Cholesterol trafficking is required for mTOR activation in endothelial cells

Department of Pharmacology and Oncology, The Johns Hopkins School of Medicine, Baltimore, MD 21205, USA.
Proceedings of the National Academy of Sciences (Impact Factor: 9.67). 02/2010; 107(10):4764-9. DOI: 10.1073/pnas.0910872107
Source: PubMed


Mammalian target of rapamycin (mTOR) constitutes a nodal point of a signaling network that regulates cell growth and proliferation in response to various environmental cues ranging from growth factor stimulation to nutrients to stress. Whether mTOR is also affected by cholesterol homeostasis, however, has remained unknown.
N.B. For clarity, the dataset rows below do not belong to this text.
(* Let $\Sigma_1\subset(N_1)_{\mathbf R}$ and $\Sigma_2\subset(N_2)_{\mathbf R}$ be amply equivalent complete fans. For every $\mathbf Q$-ample divisor $D$ on $X_{\Sigma_2}$, the assignment of strata $S^{\varphi^*(\chi_D)}_\lambda\mapsto S^{\chi_D}_{\varphi(\lambda)}$, defined for $\lambda\in\Gamma(G_1)_{\mathbf Q}$, is an equivalence between the stratification of $Z(\Sigma)$ induced by $\varphi^*(D)$ on $X_{\Sigma_1}$ and the stratification of $Z(\Sigma)$ induced by $D$ on $X_{\Sigma_2}$. The same holds for $\mathbf R$-ample divisors $D$ on $X_{\Sigma_2}$ and $\lambda\in\Gamma(G_1)_{\mathbf R}$ (using the $\mathbf R$-linear extensions of $\varphi,\varphi^*$).
   Context: For a complete fan $\Sigma$ in $N_{\mathbf R}$: rays $\Sigma(1)$, primitive generators $u_\rho$, divisors $D_\rho$; a primitive collection is $C\subset\Sigma(1)$ not contained in $\sigma(1)$ for any cone $\sigma$, every proper subset of which is. Two complete fans $\Sigma_1\subset(N_1)_{\mathbf R}$, $\Sigma_2\subset(N_2)_{\mathbf R}$ with $\mathrm{rank}N_1=\mathrm{rank}N_2$ are amply equivalent if there is a bijection $\Psi:\Sigma_1(1)\to\Sigma_2(1)$ such that $C$ is a primitive collection of $\Sigma_1$ iff $\Psi(C)$ is one of $\Sigma_2$, and for all integers $(a_\rho)$, $\sum a_\rho u_\rho=0\iff\sum a_\rho u_{\Psi(\rho)}=0$. Via $\Psi$ identify $\mathbf C^{\Sigma_1(1)}$ and $\mathbf C^{\Sigma_2(1)}$ with a common $\mathbf C^{\Sigma(1)}=\mathrm{Spec}\,\mathbf C[x_\rho]$; then $Z(\Sigma_i)=\bigcup_C V(x_\rho:\rho\in C)$ (over primitive collections) coincide, denoted $Z(\Sigma)$. $G_i=\mathrm{Hom}(\mathrm{Cl}(X_{\Sigma_i}),\mathbf C^\times)\subset(\mathbf C^\times)^{\Sigma_i(1)}$ acts coordinatewise; $\Gamma(G_i)=\{b\in\mathbf Z^{\Sigma_i(1)}:\sum b_\rho u_\rho=0\}$, with $\langle\chi_D,b\rangle=\sum a_\rho b_\rho$ for $D=\sum a_\rho D_\rho$, and $\Gamma(G_i)_{\mathbf R}\subset\mathbf R^{\Sigma_i(1)}$ has the restricted standard inner product. $\varphi:\Gamma(G_1)_{\mathbf Q}\to\Gamma(G_2)_{\mathbf Q}$ is the isomorphism $(b_\rho)_{\rho\in\Sigma_1(1)}\mapsto(b_{\Psi^{-1}(\rho')})_{\rho'\in\Sigma_2(1)}$, and $\varphi^*:\mathrm{Cl}(X_{\Sigma_2})_{\mathbf Q}\to\mathrm{Cl}(X_{\Sigma_1})_{\mathbf Q}$ is its dual, sending the class of $\sum q_\rho D_{\Psi(\rho)}$ to that of $\sum q_\rho D_\rho$; it maps $\mathbf Q$-ample divisors onto $\mathbf Q$-ample divisors, and $\varphi^*(\chi_D)=\chi_{\varphi^*(D)}$. For a projective toric $X_\Sigma$ and $\mathbf R$-ample $D$ (element of the ample cone in $\mathrm{Pic}(X_\Sigma)_{\mathbf R}$): let $\chi_D^*\in\Gamma(G)_{\mathbf R}$ with $(\chi_D^*,v)=\langle\chi_D,v\rangle$; for $x\in Z(\Sigma)$, with $S_x=\{\rho:x_\rho\ne0\}$, $\sigma_x=\{v\in\Gamma(G)_{\mathbf R}:v_\rho\ge0\ \forall\rho\in S_x\}$, let $\lambda^D_x\in\sigma_x$ be the unique vector on the ray where $v\mapsto\langle\chi_D,v\rangle/\|v\|$ attains its minimum $M^D(x)$ on $\sigma_x\setminus\{0\}$, normalized by $\|\lambda^D_x\|=-M^D(x)$. The strata of $Z(\Sigma)$ induced by $D$ are $S^{\chi_D}_\lambda=\{x\in Z(\Sigma):\lambda^D_x=\lambda\}$ (nonempty ones), ordered by $S^{\chi_D}_\lambda>S^{\chi_D}_{\lambda'}$ iff $\|\lambda\|>\|\lambda'\|$. Two stratifications are equivalent if there is a bijection of index sets preserving each stratum as a set and preserving the strict order in both directions. *)

From HB Require Import structures.
From mathcomp Require Import all_boot all_algebra.
From mathcomp Require Import reals complex.

Set Implicit Arguments.
Unset Strict Implicit.
Unset Printing Implicit Defensive.

Import GRing.Theory Num.Theory.
Local Open Scope ring_scope.

(* Lattice N = Z^n, N_R = R^n (row vectors).  A fan is encoded by its finite *)
(* set of rays I = Sigma(1), the primitive generators u : I -> Z^n, and the  *)
(* family C of the ray sets sigma(1) of its cones (sigma = Cone(u_r, r in    *)
(* sigma(1))).                                                               *)

Definition vecR (R : realType) (n : nat) (w : 'rV[int]_n) : 'rV[R]_n :=
  map_mx (fun z : int => z%:~R) w.
Arguments vecR R {n} w.

Definition dotv (K : numDomainType) (n : nat) (m v : 'rV[K]_n) : K :=
  \sum_(i < n) m 0 i * v 0 i.

Definition cone (R : realType) (n : nat) (I : finType) (u : I -> 'rV[int]_n)
  (s : {set I}) : 'rV[R]_n -> Prop :=
  fun v => exists c : I -> R, (forall r, 0 <= c r) /\
     (forall r, r \notin s -> c r = 0) /\ v = \sum_r c r *: vecR R (u r).
Arguments cone R {n I} u s.

Definition dual_cone (R : realType) (n : nat) (K : 'rV[R]_n -> Prop)
  (m : 'rV[R]_n) : Prop := forall v, K v -> 0 <= dotv m v.

Definition is_face (R : realType) (n : nat) (F K : 'rV[R]_n -> Prop) : Prop :=
  exists m, dual_cone K m /\ forall v, F v <-> (K v /\ dotv m v = 0).

Definition strongly_convex (R : realType) (n : nat) (K : 'rV[R]_n -> Prop) :=
  forall v, K v -> K (- v) -> v = 0.

Definition primitive_vec (n : nat) (w : 'rV[int]_n) : Prop :=
  w <> 0 /\ forall (k : int) (w' : 'rV[int]_n), w = k *: w' -> `|k| = 1.

(* (I, u, C) describes a complete fan in R^n (Cox-Little-Schenck Def. 3.1.2,  *)
(* 3.1.18): every cone is strongly convex with ray set exactly sigma(1) = s,  *)
(* faces of cones are cones, two cones meet in a common face, every r in I  *)
(* is a ray of the fan with primitive generator u r, and the support is R^n. *)
Definition complete_fan (R : realType) (n : nat) (I : finType)
  (u : I -> 'rV[int]_n) (C : {set {set I}}) : Prop :=
  (forall r, primitive_vec (u r)) /\
  injective u /\
  (forall r, [set r] \in C) /\
  (forall s, s \in C -> strongly_convex (cone R u s) /\
     (forall r, is_face (cone R u [set r]) (cone R u s) <-> r \in s)) /\
  (forall s, s \in C -> forall F, is_face F (cone R u s) ->
     exists2 t, t \in C & forall v, F v <-> cone R u t v) /\
  (forall s t, s \in C -> t \in C ->
     is_face (fun v => cone R u s v /\ cone R u t v) (cone R u s) /\
     is_face (fun v => cone R u s v /\ cone R u t v) (cone R u t)) /\
  (forall v : 'rV[R]_n, exists2 s, s \in C & cone R u s v).

Definition in_some_cone (I : finType) (C : {set {set I}}) (P : {set I}) : bool :=
  [exists s in C, P \subset s].

Definition primitive_collection (I : finType) (C : {set {set I}}) (P : {set I}) :=
  ~~ in_some_cone C P /\ forall Q : {set I}, Q \proper P -> in_some_cone C Q.

Definition amply_equivalent (R : realType) (n : nat) (I1 I2 : finType)
  (u1 : I1 -> 'rV[int]_n) (C1 : {set {set I1}})
  (u2 : I2 -> 'rV[int]_n) (C2 : {set {set I2}})
  (Psi : I1 -> I2) (Psi' : I2 -> I1) : Prop :=
  complete_fan R u1 C1 /\ complete_fan R u2 C2 /\
  cancel Psi Psi' /\ cancel Psi' Psi /\
  (forall P : {set I1},
     primitive_collection C1 P <-> primitive_collection C2 (Psi @: P)) /\
  (forall b : I1 -> int,
     \sum_r b r *: u1 r = 0 <-> \sum_r b r *: u2 (Psi r) = 0).

(* Z(Sigma) inside C^{Sigma(1)}.                                              *)
Definition Zset (R : realType) (I : finType) (C : {set {set I}})
  (x : I -> R[i]) : Prop :=
  exists P, primitive_collection C P /\ forall r, r \in P -> x r = 0.

(* Gamma(G) = integer relations among the u_r, and its real / rational spans *)
(* Gamma(G)_R, Gamma(G)_Q inside R^{Sigma(1)}.                               *)
Definition int_relation (n : nat) (I : finType) (u : I -> 'rV[int]_n)
  (b : I -> int) : Prop := \sum_r b r *: u r = 0.

Definition GammaR (R : realType) (n : nat) (I : finType) (u : I -> 'rV[int]_n)
  (v : I -> R) : Prop :=
  exists (m : nat) (c : 'I_m -> R) (b : 'I_m -> I -> int),
    (forall k, int_relation u (b k)) /\
    forall r, v r = \sum_(k < m) c k * (b k r)%:~R.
We report that blockade of cholesterol trafficking through lysosome by a newly identified inhibitor of angiogenesis, itraconazole, leads to inhibition of mTOR activity in endothelial cells. Inhibition of mTOR by itraconazole but not rapamycin can be partially restored by extracellular cholesterol delivered by cyclodextrin. Moreover, other known inhibitors of endosomal/lysosomal cholesterol trafficking as well as siRNA knockdown of Niemann-Pick disease type C (NPC) 1 and NPC2 also cause inhibition of mTOR in endothelial cells. In addition, both the accumulation of cholesterol in the lysosome and inhibition of mTOR caused by itraconazole can be reversed by thapsigarin. These observations suggest that mTOR is likely to be involved in sensing membrane sterol concentrations in endothelial cells, and the cholesterol trafficking pathway is a promising target for the discovery of inhibitors of angiogenesis.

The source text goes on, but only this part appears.